# The three Muskateers!



## MillieDog (Jun 1, 2011)

Obi, Lolly & Millie taking Clare, Janet & Julie on a walk around Hurst Castle


----------



## colpa110 (Jul 5, 2011)

Brilliant, all so different but all so cockapoo!!


----------



## JoJo (Mar 2, 2011)

Love it ... happy cockapoo walking xxx


----------



## Turi (Jun 28, 2011)

Love it!


----------



## Turi (Jun 28, 2011)

JoJo said:


> Love it ... happy cockapoo walking xxx


Snap JoJo!


----------



## Bertie Brown (Aug 12, 2011)

Great photos!

Clare and Bertie


----------



## MillieDog (Jun 1, 2011)

And then Oakley arrived!


----------



## Turi (Jun 28, 2011)

That's just brilliant! What a lovely picture


----------



## JoJo (Mar 2, 2011)

Then JoJo, Honey & Picnic arrived   lol 

I wish xxx


----------



## colpa110 (Jul 5, 2011)

OK, so now I'm getting really jealous!


----------



## Rufini (Sep 9, 2011)

How do you keep them all in the same place?!?! if it was Vincent he'd have jumped on all the dogs first then tried to jump on all the people for hugs!
He's such a diva :/

ps they're all so gorgeous!!


----------



## wellerfeller (Jul 12, 2011)

Lovely pictures! I see Janet has cockapoo paw prints down her jeans ha ha.


----------



## mariag (Jun 19, 2011)

MillieDog said:


> And then Oakley arrived!


......and it wasn't even planned. We just walked round the corner & there you all were.

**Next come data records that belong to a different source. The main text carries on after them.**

Lemma pow_below_chord x t D : 0 < x -> (t <= D)%nat -> (0 < D)%nat ->
  x ^ t <= (1 - INR t / INR D) + (INR t / INR D) * x ^ D.
Proof.
  intros Hx Ht HD. destruct (Nat.le_exists_sub t D Ht) as [m [-> _]].
  assert (HDp : 0 < INR (m + t)) by (apply lt_0_INR; lia).
  assert (H := pow_chord_gap_nonneg x t m Hx). rewrite plus_INR in *. rewrite pow_add.
  assert (0 <= (INR t * x ^ t * (x ^ m - 1) - INR m * (x ^ t - 1)) / (INR m + INR t))
    by (apply Rdiv_le_0_compat; lra).
  replace ((1 - INR t / (INR m + INR t)) + (INR t / (INR m + INR t)) * (x ^ m * x ^ t))
    with (x ^ t + (INR t * x ^ t * (x ^ m - 1) - INR m * (x ^ t - 1)) / (INR m + INR t))
    by (field; lra).
  lra.
Qed.

(* [perf b C A B Mb w y] is [H(w, y)] written with [b = abar^2], [C = c^2], [A = a^2]. *)
Definition perf (b C A B Mb : R) (w : nat) (y : R) : R :=
  b ^ w * y + Mb * (A ^ w - 1) - Rmax (C ^ w * y) B.

Lemma Hfun_perf a abar c B Mbar w y :
  Hfun a abar c B Mbar w y = perf (abar ^ 2) (c ^ 2) (a ^ 2) B Mbar w y.
Proof. unfold Hfun, perf. rewrite !pow_mult. reflexivity. Qed.

Definition perf_bound (b C A B Mb : R) (D k : nat) : R :=
  B * (b ^ (D + k) / C ^ D - C ^ k) + Mb * (A ^ (D + k) - 1).

Section Perf.

Variables (b C A B Mb : R).
Hypotheses (Hb : 0 < b) (HbC : b <= C) (HC1 : C <= 1) (HA : 1 <= A) (HB : 0 <= B) (HMb : 0 <= Mb).

Lemma perf_0 y : perf b C A B Mb 0 y <= 0.
Proof. unfold perf. simpl. assert (1 * y <= Rmax (1 * y) B) by apply Rmax_l. lra. Qed.

Lemma perf_le_growth w y : 0 <= y -> perf b C A B Mb w y <= Mb * A ^ w.
Proof.
  intros Hy. unfold perf.
  assert (b ^ w <= C ^ w) by (apply pow_incr; lra).
  assert (C ^ w * y <= Rmax (C ^ w * y) B) by apply Rmax_l.
  assert (b ^ w * y <= C ^ w * y) by (apply Rmult_le_compat_r; lra). nra.
Qed.

Lemma Rabs_perf_le w y : 0 <= y -> Rabs (perf b C A B Mb w y) <= (2 * y + 2 * Mb + B) * A ^ w.
Proof.
  intros Hy. unfold perf.
  assert (0 <= b ^ w <= 1) by (split; [apply pow_le|apply pow_le_one]; lra).
  assert (0 <= C ^ w <= 1) by (split; [apply pow_le|apply pow_le_one]; lra).
  assert (1 <= A ^ w) by (apply pow_R1_Rle; lra).
  assert (0 <= Rmax (C ^ w * y) B <= C ^ w * y + B).
  { split; [apply Rle_trans with B; auto; apply Rmax_r|apply Rmax_lub; nra]. }
  apply Rabs_le. split; nra.
Qed.

Lemma perf_le_bound D k y : 0 <= y -> perf b C A B Mb (D + k) y <= perf_bound b C A B Mb D k.
Proof.
  intros Hy. unfold perf, perf_bound.
  assert (HCD : 0 < C ^ D) by (apply pow_lt; lra).
  assert (Hbw : b ^ (D + k) <= C ^ D * C ^ k) by (rewrite <- pow_add; apply pow_incr; lra).
  assert (HCk : 0 <= C ^ k <= 1) by (split; [apply pow_le|apply pow_le_one]; lra).
  rewrite (pow_add C D k).
  (* the worst case is [C^D y = B] *)
  destruct (Rle_lt_dec (B / C ^ D) y) as [Hyb|Hyb].
  - assert (C ^ D * C ^ k * y <= Rmax (C ^ D * C ^ k * y) B) by apply Rmax_l.
    replace (B * (b ^ (D + k) / C ^ D - C ^ k)) with ((b ^ (D + k) - C ^ D * C ^ k) * (B / C ^ D))
      by (field; lra).
    assert ((b ^ (D + k) - C ^ D * C ^ k) * y <= (b ^ (D + k) - C ^ D * C ^ k) * (B / C ^ D))
      by (apply Rmult_le_compat_neg_l; lra).
    lra.
  - assert (B <= Rmax (C ^ D * C ^ k * y) B) by apply Rmax_r.
    replace (B * (b ^ (D + k) / C ^ D - C ^ k)) with (b ^ (D + k) * (B / C ^ D) - B * C ^ k)
      by (field; lra).
    assert (b ^ (D + k) * y <= b ^ (D + k) * (B / C ^ D))
      by (apply Rmult_le_compat_l; [apply pow_le|]; lra).
    assert (B * C ^ k <= B) by nra.
    lra.
Qed.

(* Splitting [t + k] between [k] and [D + k]: the [Rmax] terms coincide once [y] is rescaled
   by the factors [C ^ t] and [C ^ -(D - t)], and the remaining powers are convex in the exponent. *)
Lemma perf_convex t D k y : 0 <= y -> (t <= D)%nat -> (0 < D)%nat ->
  perf b C A B Mb (t + k) y <=
  (1 - INR t / INR D) * perf b C A B Mb k (C ^ t * y) +
  (INR t / INR D) * perf b C A B Mb (D + k) (y / C ^ (D - t)).
Proof.
  intros Hy Ht HD. unfold perf.
  set (s := INR t / INR D).
  assert (HCt : 0 < C ^ t) by (apply pow_lt; lra).
  assert (HCDt : 0 < C ^ (D - t)) by (apply pow_lt; lra).
  assert (HCD : C ^ D = C ^ t * C ^ (D - t)) by (rewrite <- pow_add; f_equal; lia).
  replace (C ^ (D + k) * (y / C ^ (D - t))) with (C ^ (t + k) * y)
    by (rewrite !pow_add, HCD; field; lra).
  replace (C ^ k * (C ^ t * y)) with (C ^ (t + k) * y) by (rewrite pow_add; ring).
  assert (Hchord_b : b ^ (t + k) * y <= (1 - s) * (b ^ k * (C ^ t * y)) + s * (b ^ (D + k) * (y / C ^ (D - t)))).
  { assert (Hr := pow_below_chord (b / C) t D ltac:(apply Rdiv_lt_0_compat; lra) Ht HD).
    assert (Hw : 0 <= b ^ k * C ^ t * y) by (apply Rmult_le_pos; [apply Rmult_le_pos; apply pow_le|]; lra).
    replace (b ^ (t + k) * y) with (b ^ k * C ^ t * y * (b / C) ^ t)
      by (unfold Rdiv; rewrite pow_add, Rpow_mult_distr, pow_inv; field; apply pow_nonzero; lra).
    replace ((1 - s) * (b ^ k * (C ^ t * y)) + s * (b ^ (D + k) * (y / C ^ (D - t))))
      with (b ^ k * C ^ t * y * ((1 - s) + s * (b / C) ^ D))
      by (unfold Rdiv; rewrite pow_add, Rpow_mult_distr, pow_inv, HCD; field;
          split; apply pow_nonzero; lra).
    apply Rmult_le_compat_l; auto. }
  assert (Hchord_A : Mb * A ^ (t + k) <= Mb * ((1 - s) * A ^ k + s * A ^ (D + k))).
  { apply Rmult_le_compat_l; auto. rewrite !pow_add.
    assert (Hr := pow_below_chord A t D ltac:(lra) Ht HD).
    assert (0 < A ^ k) by (apply pow_lt; lra). fold s in Hr. nra. }
  lra.
Qed.

End Perf.

Lemma is_series_Qrow n a abar c B Mb P1 e D i : (i < n)%nat ->
  col_stochastic n P1 -> (forall l, (l < n)%nat -> 0 <= e l <= 1) ->
  0 <= abar ^ 2 <= a ^ 2 -> 0 < c ^ 2 <= a ^ 2 -> 1 <= a ^ 2 ->
  neumann_cv n (P1E n P1 e) (a ^ 2) ->
  is_series (fun k => first_success n P1 e k i * perf_bound (abar ^ 2) (c ^ 2) (a ^ 2) B Mb D k)
    (Qrow n a abar c B Mb P1 e D i).
Proof.
  intros Hi HP1 He Hb HC HA Hcv.
  assert (Z : forall x, 0 <= x <= a ^ 2 ->
            is_series (fun k => x ^ (D + k) * first_success n P1 e k i) (Zrow n P1 e D x i)).
  { intros x Hx. apply is_series_Zrow; auto.
    apply (neumann_cv_mono n _ (P1E_nonneg n P1 e HP1 He) x (a ^ 2)); auto. }
  assert (HCD : 0 < (c ^ 2) ^ D) by (apply pow_lt; lra).
  unfold Qrow. rewrite pow_mult.
  replace ((Zrow n P1 e D (abar ^ 2) i - Zrow n P1 e D (c ^ 2) i) * B / (c ^ 2) ^ D
           + Mb * (Zrow n P1 e D (a ^ 2) i - Zrow n P1 e D 1 i))
    with ((B / (c ^ 2) ^ D * Zrow n P1 e D (abar ^ 2) i - B / (c ^ 2) ^ D * Zrow n P1 e D (c ^ 2) i)
          + (Mb * Zrow n P1 e D (a ^ 2) i - Mb * Zrow n P1 e D 1 i)) by (field; lra).
  eapply is_series_Rext;
    [|apply is_series_Rplus; apply is_series_Rminus; apply is_series_Rmult_l, Z; lra].
  intros k. unfold perf_bound. rewrite pow1, (pow_add (c ^ 2)). field. lra.
Qed.

Section PerformanceSeries.

Variables (n : nat) (P1 : mat) (e : nat -> R) (b C A B Mb : R).
Hypotheses (Hb : 0 < b) (HbC : b <= C) (HC1 : C <= 1) (HA : 1 <= A) (HB : 0 <= B) (HMb : 0 <= Mb).
Hypotheses (HP1 : col_stochastic n P1) (He : forall i, (i < n)%nat -> 0 <= e i <= 1).
Hypothesis Hcv : neumann_cv n (P1E n P1 e) A.

(* [perf_from i t y]: expected [H] at the next reception when transmissions start [t] steps
   ahead in channel state [i] and [y] stands for [x^2] at the last reception. *)
Definition perf_from i t y :=
  Series (fun k => first_success n P1 e k i * perf b C A B Mb (t + k) y).

Lemma ex_series_first_success_growth i (f : nat -> R) K : (i < n)%nat ->
  (forall k, Rabs (f k) <= K * A ^ k) -> ex_series (fun k => first_success n P1 e k i * f k).
Proof.
  intros Hi Hf. apply (ex_series_Rabs_le _ (fun k => K * (A ^ (0 + k) * first_success n P1 e k i))).
  - intros k. assert (Hs := first_success_nonneg n P1 e k i HP1 He Hi).
    rewrite Rabs_mult, (Rabs_pos_eq _ Hs). simpl Nat.add.
    specialize (Hf k). nra.
  - apply ex_series_Rmult_l. exists (Zrow n P1 e 0 A i). apply is_series_Zrow; auto.
Qed.

Lemma ex_series_perf i t y : (i < n)%nat -> 0 <= y ->
  ex_series (fun k => first_success n P1 e k i * perf b C A B Mb (t + k) y).
Proof.
  intros Hi Hy. apply (ex_series_first_success_growth i _ ((2 * y + 2 * Mb + B) * A ^ t)); auto.
  intros k. rewrite Rmult_assoc, <- pow_add. apply Rabs_perf_le; auto; lra.
Qed.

It was fab to meet you all, our own mini meet  

Oakley is worn out now & having a snooze!!!!


----------



## wilfiboy (Sep 18, 2010)

What a great way to spend your time.. like Colin I'm jealous... you've nearly got the full range there ladies xx


----------



## MillieDog (Jun 1, 2011)

Hey Maria
We're waiting for hubbies photos, the ones he took with his wizzo camera 

It has to be the strangest Poo Mini Meet ever, Hurst Castle is pretty much in the middle of no where.


----------



## mariag (Jun 19, 2011)

Here you go Julie. Hubby wished he had more time with them all


----------



## JoJo (Mar 2, 2011)

Lovely .. What wonderful pics of your poos  Hope you had time for coffee & cake ladies xxx


----------



## MillieDog (Jun 1, 2011)

Thanks Maria, fab photos. Look I can see Millie's curls, definitely a wizzo camera. Thanks for a million times.

Alas JoJo no time for coffee and cakes, we we're running out of time on our car park ticket and had to grab the ferry boat back too.

Ruth, I think luck not judgement kept them all nice and still. And Clare at the start had stook behind me keeping their attention whilst I snapped away


----------



## JoJo (Mar 2, 2011)

Even without coffee & cake .. what a fab time  I love cake but love cockapoos most xxx


----------



## Jedicrazy (Apr 26, 2011)

Fab pictures Maria! I still can't believe we were sitting there and you just appeared around the corner...it's a small world indeed! Lovely to meet you and your family and of course the gorgeous Oakley. He's even lovelier in the fur than his photos


----------



## Ali79 (Mar 30, 2011)

Lovely photos of gorgeous Poos


----------



## mariag (Jun 19, 2011)

Jedicrazy said:


> Fab pictures Maria! I still can't believe we were sitting there and you just appeared around the corner...it's a small world indeed! Lovely to meet you and your family and of course the gorgeous Oakley. He's even lovelier in the fur than his photos


Thanks Clare, it was a lovely surprise to meet all of you too. Obi is such a lovely boy & it was great to see him so healthy & full of beans


----------



## Scarlett (Dec 15, 2011)

Great pictures! I am so jealous that you all have cockapoo friends to walk with!


----------



## Sezra (May 20, 2011)

Great photos and all of the Cockapoos look fabulous! What a nice mini meet you had


----------